Speaking at the Treasury Mortgage Seminar, David Seviour, franchise support director at Allied Dunbar, highlighted the risks to mortgage buyers if current regulation fell by the wayside.
He told the seminar that while statutory regulation does look inevitable, it could take three years to implement.
Seviour said: “During this time when a new regulatory framework is being created, there is a danger that those who may have subscribed to a voluntary Code – because they felt they had no choice – may feel that this is an opportunity to withdraw from the Code on the basis of ‘why should I incur costs today when I do not know what the new regime will look like in the future?'”
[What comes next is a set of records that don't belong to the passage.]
Lemma rnorm_proj_perp_le n (v y : 'rV[R]_n) : rnorm (proj_perp v y) <= rnorm v.
Proof.
rewrite proj_perpE; have [//|yn0] := eqVneq y 0.
rewrite !rnormE ler_wsqrtr // dot_residual // lerBlDr lerDl.
by rewrite divr_ge0 ?sqr_ge0 ?dotvv_ge0.
Qed.

End EuclideanRow.

Section SymmetricSpectrum.
Local Open Scope sesquilinear_scope.
Variable R : realType.

Local Notation toC := (real_complex R).

Lemma real_complex_real (x : R) : toC x \is Num.real.
Proof. by apply/complex_realP; exists x. Qed.

Lemma trmx_complexify m n (M : 'M[R]_(m, n)) : (map_mx toC M)^T = (map_mx toC M)^t*.
Proof. by apply/matrixP => i j; rewrite !mxE conj_Creal // real_complex_real. Qed.

Lemma sym_complexify_herm n (A : 'M[R]_n) : A^T = A -> map_mx toC A \is hermsymmx.
Proof.
move=> Asym; apply/is_hermitianmxP; rewrite expr0 scale1r.
by rewrite -trmx_complexify map_trmx Asym.
Qed.

Lemma eigenvalue_complexify n (A : 'M[R]_n) (x : R) :
  eigenvalue (map_mx toC A) (toC x) -> eigenvalue A x.
Proof. by rewrite !eigenvalue_root_char -map_char_poly fmorph_root. Qed.

Lemma dot_complexify n p (y : 'rV[R]_n) (M : 'M[R]_(n, p)) (z : 'rV[R]_p) :
  toC (dot (y *m M) z) = (map_mx toC y *m map_mx toC M *m (map_mx toC z)^T) 0 0.
Proof. by rewrite /dot map_trmx -!map_mxM [RHS]mxE. Qed.

(* Diagonalise the Hermitian complexification of [A] by a unitary matrix: its spectral diagonal is
   real, and its largest entry is an eigenvalue of [A] dominating the quadratic form. *)
Lemma sym_quadform_le_eigenvalue n (A : 'M[R]_n.+1) : A^T = A ->
  exists2 D, eigenvalue A D & forall y : 'rV[R]_n.+1, dot (y *m A) y <= D * dot y y.
Proof.
move=> Asym; pose Ac := map_mx toC A.
have Aherm : Ac \is hermsymmx := sym_complexify_herm Asym.
have /orthomx_spectralP Adec := hermitian_normalmx Aherm.
set P := spectralmx Ac in Adec; set d := spectral_diag Ac in Adec.
have Pu : P \is unitarymx := spectral_unitarymx Ac.
have PU : P \in unitmx := spectral_unit Ac.
have Pinv : invmx P = P^t* := invmx_unitary Pu.
have dR j : d 0 j = toC (complex.Re (d 0 j)).
  by rewrite RRe_real // (mxOverP (hermitian_spectral_diag_real Aherm)).
pose i0 := [arg max_(i > ord0) complex.Re (d 0 i)]%O.
have i0_max j : complex.Re (d 0 j) <= complex.Re (d 0 i0).
  by rewrite /i0; case: Order.TotalTheory.arg_maxP => // i _; apply.
exists (complex.Re (d 0 i0)).
  apply/eigenvalue_complexify; rewrite -dR; apply/eigenvalueP; exists (row i0 P).
    rewrite -/Ac -row_mul Adec !mulmxA mulmxV // mul1mx row_mul row_diag_mx.
    by rewrite -scalemxAl -rowE.
  apply/eqP => Pi0; have := unitarymxP Pu => /(congr1 (row i0)).
  rewrite row_mul Pi0 mul0mx => /rowP/(_ i0); rewrite !mxE eqxx /= => /eqP.
  by rewrite eq_sym oner_eq0.
move=> y; set yc := map_mx toC y; set w := yc *m P^t*.
have wT : w ^t* = P *m yc^t* by rewrite /w trmx_mul map_mxM trmxCK.
have yAy : yc *m Ac *m yc^T = w *m diag_mx d *m w^t*.
  by rewrite trmx_complexify wT Adec Pinv /w !mulmxA.
have yy : yc *m yc^T = w *m w^t*.
  by rewrite trmx_complexify wT /w !mulmxA -(mulmxA yc) -Pinv mulVmx // mulmx1.
rewrite -lecR dot_complexify rmorphM /= -[y in dot y](mulmx1 y) dot_complexify.
rewrite map_scalar_mx rmorph1 mulmx1 yAy yy mul_mx_diag mxE [X in _ <= _ * X]mxE mulr_sumr.
apply: ler_sum => j _; rewrite [X in X * _ <= _]mxE.
have -> : w^t* j 0 = (w 0 j)^* by rewrite !mxE.
rewrite mulrAC [X in _ <= X]mulrC ler_wpM2l ?mul_conjC_ge0 //.
by rewrite dR lecR.
Qed.

End SymmetricSpectrum.

Section SingularValue.
Variable R : realType.

Lemma sigma_max_ge0 a b (W : 'M[R]_(a, b)) : 0 <= sigma_max W.
Proof. exact: sqrtr_ge0. Qed.

Lemma dot_rV0 (u v : 'rV[R]_0) : dot u v = 0.
Proof. by rewrite dotE big_ord0. Qed.

Lemma quadform_gram_le a b (W : 'M[R]_(a, b)) (y : 'rV[R]_b) :
  dot (y *m (W^T *m W)) y <= sigma_max W ^+ 2 * dot y y.
Proof.
case: b W y => [|b] W y; first by rewrite !dot_rV0 mulr0.
have [|D evD quad_le] := @sym_quadform_le_eigenvalue _ _ (W^T *m W).
  by rewrite trmx_mul trmxK.
have D_ge0 : 0 <= D.
  case/eigenvalueP: evD => v vA vn0.
  have : 0 <= dot (v *m (W^T *m W)) v by rewrite mulmxA dot_mulmxl dotvv_ge0.
  by rewrite vA dotZl pmulr_lge0 // dotvv_gt0.
have D_le_sup : D <= sup [set x : R | eigenvalue (W^T *m W) x].
  apply: ub_le_sup => //; exists D => x /eigenvalueP [v vA vn0].
  by have := quad_le v; rewrite vA dotZl ler_pM2r // dotvv_gt0.
apply: le_trans (quad_le y) _; rewrite ler_wpM2r ?dotvv_ge0 //.
by rewrite sqr_sqrtr // (le_trans D_ge0).
Qed.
As a result, the industry must stand behind the Code and continue to develop it. Should this not happen, he said, recent developments in consumer protection could be lost, damaging market confidence.
The Mortgage Code Compliance Board share this fear. It said in its response to the Treasury consultation on mortgage regulation that it would continue to develop and enhance the Code.
Also speaking at the seminar, Michael Coogan, CML director general, said that while statutory regulation was an ideal opportunity to clarify regulation, in practice it could be difficult to achieve.
He said: “As each day passes, the prospect of a simple statutory regime recedes. Each intervention by different Government departments makes it increasingly difficult for a ‘joined up’ approach to regulation to be taken.”